The Muscatine melon industry grew steadily from the mid-19th century and even today there are several families that continue to grow these famous melons that can trace their lineages to the early days of melon growing in the area. Sandy, well-drained soils in Muscatine County are ideal for growing muskmelons; by 1921 By 1921, production of melons from Muscatine County totaled 850 train carloads of watermelon, produced on around 2500 acres of land.
A good indicator of a ripe watermelon is the color of the underside of the fruit. The color should turn from greenish white to buttery yellow or cream when ripened.

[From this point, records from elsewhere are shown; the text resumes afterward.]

Lemma sum_inj_eq (T I : finType) (S : {set T}) (g : T -> I) (f : I -> R) :
  {in S &, injective g} -> (forall i, i \notin g @: S -> f i = 0) ->
  \sum_(p in S) f (g p) = \sum_i f i.
Proof.
move=> g_inj f0; rewrite -(big_imset _ g_inj) /= big_mkcond /=.
by apply: eq_bigr => i _; case: ifPn => // /f0 ->.
Qed.

End InjectiveSums.

Lemma ratio_one_minus_twice (R : realFieldType) (e N M : R) :
  0 < e -> 0 <= N -> (1 - e) * N <= (1 + e) * M -> (1 - 2 * e) * N <= M.
Proof.
move=> e_gt0 N_ge0 hNM.
have eN_ge0 : 0 <= e * (e * N) by rewrite !mulr_ge0 // ltW.
have : (1 + e) * ((1 - 2 * e) * N - M) <= 0 by lra.
by rewrite pmulr_rle0 ?subr_le0 //; lra.
Qed.

Lemma upd_eq {A : eqType} {B : Type} (f : A -> B) a c : upd f a c a = c.
Proof. by rewrite /upd eqxx. Qed.

Lemma upd_neq {A : eqType} {B : Type} (f : A -> B) a c x :
  x != a -> upd f a c x = f x.
Proof. by rewrite /upd => /negbTE ->. Qed.

Section Auction.
Variables (R : realType) (U V : finType) (E : U -> V -> bool) (w : U -> V -> R).
Variables (eps : R) (kmin : int) (Q0 : V -> seq (int * U)).
Hypothesis w_ge1 : forall u v, E u v -> 1 <= w u v.
Hypothesis eps_gt0 : 0 < eps.
Hypothesis eps_lt1 : eps < 1.
Hypothesis Q0_valid : forall v, valid_queue E w eps kmin v (Q0 v).
Hypothesis kmin_small : (1 + eps) ^ (- kmin) <= eps.

Local Notation b := (1 + eps).
Local Notation state := (state R U V).

Lemma b_gt1 : 1 < b.
Proof. by rewrite ltrDl. Qed.

Lemma b_gt0 : 0 < b.
Proof. exact: lt_trans ltr01 b_gt1. Qed.

Lemma b_expz_gt0 (j : int) : 0 < b ^ j.
Proof. exact: exprz_gt0 b_gt0. Qed.

Lemma iLog_ge0 x : 1 <= x -> 0 <= iLog eps x.
Proof.
move=> x_ge1; rewrite /iLog floor_ge0 divr_ge0 //; first exact: ln_ge0.
exact/ln_ge0/ltW/b_gt1.
Qed.

Lemma iLog_lt x : 1 <= x -> x < b ^ (iLog eps x + 1).
Proof.
move=> x_ge1; have lnb_gt0 : 0 < ln b by apply/ln_gt0/b_gt1.
have : 0 <= iLog eps x + 1 by rewrite addr_ge0 ?iLog_ge0.
have := floorD1_gt (ln x / ln b); rewrite /iLog.
case: (Num.floor _ + 1) => [n|n] hfl //.
have x_gt0 : 0 < x by apply: lt_le_trans ltr01 x_ge1.
rewrite -ltr_ln ?posrE ?exprn_gt0 ?b_gt0 // lnXn ?b_gt0 // -mulr_natl.
by rewrite -ltr_pdivrMr.
Qed.
(* For every integer $m\ge3$ and every $\alpha\in[0,1]$, every deterministic social choice rule that always returns a candidate whose integral domination graph admits a perfect matching has distortion exactly $2+\alpha$ on $\alpha$-decisive metric spaces.
   Context: An election: voters $V=\{1,\dots,n\}$, a fixed finite set $C$ of $m$ candidates, a profile $\sigma$ of linear orders over $C$; $a\succeq_i c$ means $a=c$ or $i$ ranks $a$ above $c$; $\mathrm{top}(i)$ is $i$'s first choice. The integral domination graph $G(a)$ is the bipartite graph with both sides copies of $V$ and edge $(i,j)$ iff $a\succeq_i\mathrm{top}(j)$; for every election some candidate has $G(a)$ admitting a perfect matching. A distance function $d$ on $V\cup C$ is nonnegative, symmetric and satisfies the triangle inequality (co-location allowed); consistent with $\sigma$ if $d(i,c)\le d(i,c')$ whenever $i$ ranks $c$ above $c'$; $\alpha$-decisive if $d(i,\mathrm{top}(i))\le\alpha\,d(i,c)$ for all $i$ and $c\ne\mathrm{top}(i)$. $\mathrm{SC}(c)=\sum_i d(i,c)$. Distortion of a deterministic rule $f$ on $\alpha$-decisive spaces: $\sup_\sigma\sup_d\mathrm{SC}(f(\sigma))/\min_c\mathrm{SC}(c)$ over $\alpha$-decisive consistent $d$. *)

From HB Require Import structures.
From mathcomp Require Import all_boot all_order all_algebra.
From mathcomp Require Import fingroup perm.
From mathcomp Require Import reals.
Set Implicit Arguments. Unset Strict Implicit. Unset Printing Implicit Defensive.
Import Order.TTheory GRing.Theory Num.Theory.
Local Open Scope ring_scope.

(* Voters are 'I_n, candidates are 'I_m.  A profile gives, for each voter i,
   a linear order on candidates, encoded as the bijective rank function
   s i : {perm 'I_m}  (rank 0 = first choice). *)
Definition profile (n m : nat) := 'I_n -> {perm 'I_m}.

Definition ranks_above n m (s : profile n m) (i : 'I_n) (a c : 'I_m) : bool :=
  (s i a < s i c)%N.

Definition weakly_prefers n m (s : profile n m) (i : 'I_n) (a c : 'I_m) : bool :=
  (a == c) || ranks_above s i a c.

Definition is_top n m (s : profile n m) (i : 'I_n) (c : 'I_m) : bool :=
  (nat_of_ord (s i c) == 0)%N.

Definition idg_edge n m (s : profile n m) (a : 'I_m) (i j : 'I_n) : Prop :=
  exists t, is_top s j t /\ weakly_prefers s i a t.

(* G(a) (bipartite, both sides copies of V) admits a perfect matching *)
Definition has_perfect_matching n m (s : profile n m) (a : 'I_m) : Prop :=
  exists p : {perm 'I_n}, forall i, idg_edge s a i (p i).

Definition point (n m : nat) := ('I_n + 'I_m)%type.

Definition is_distance (R : realType) n m (d : point n m -> point n m -> R) : Prop :=
  [/\ (forall x y, 0 <= d x y),
      (forall x y, d x y = d y x) &
      (forall x y z, d x z <= d x y + d y z)].

Definition consistent (R : realType) n m (s : profile n m)
    (d : point n m -> point n m -> R) : Prop :=
  forall i c c', ranks_above s i c c' -> d (inl i) (inr c) <= d (inl i) (inr c').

The fruit tends to lose its glossy appearance on top and becomes dull when ripe. Muskmelon are mature when the flower end (the end opposite the stem) is slightly soft. The skin between the netting turns form green to yellow at maturity. A ripe muskmelon produces a strong "muskmelon" aroma. Honeydew melons may have a slight change in the fruit's color. Like the muskmelon, the honeydew flower end softens when ripe.
Melons can be stored at room temperature for about 1 week. The storage period can be extended to 2-3 weeks at 50-60° F. Muskmelons can be stored in the refrigerator for 5-7 days. Place the melon in a plastic bag to prevent the muskmelon aroma from flavoring other stored foods. Store honeydew melons at a temperature of 45-50° F. Store cut melon in the refrigerator up to 1 week.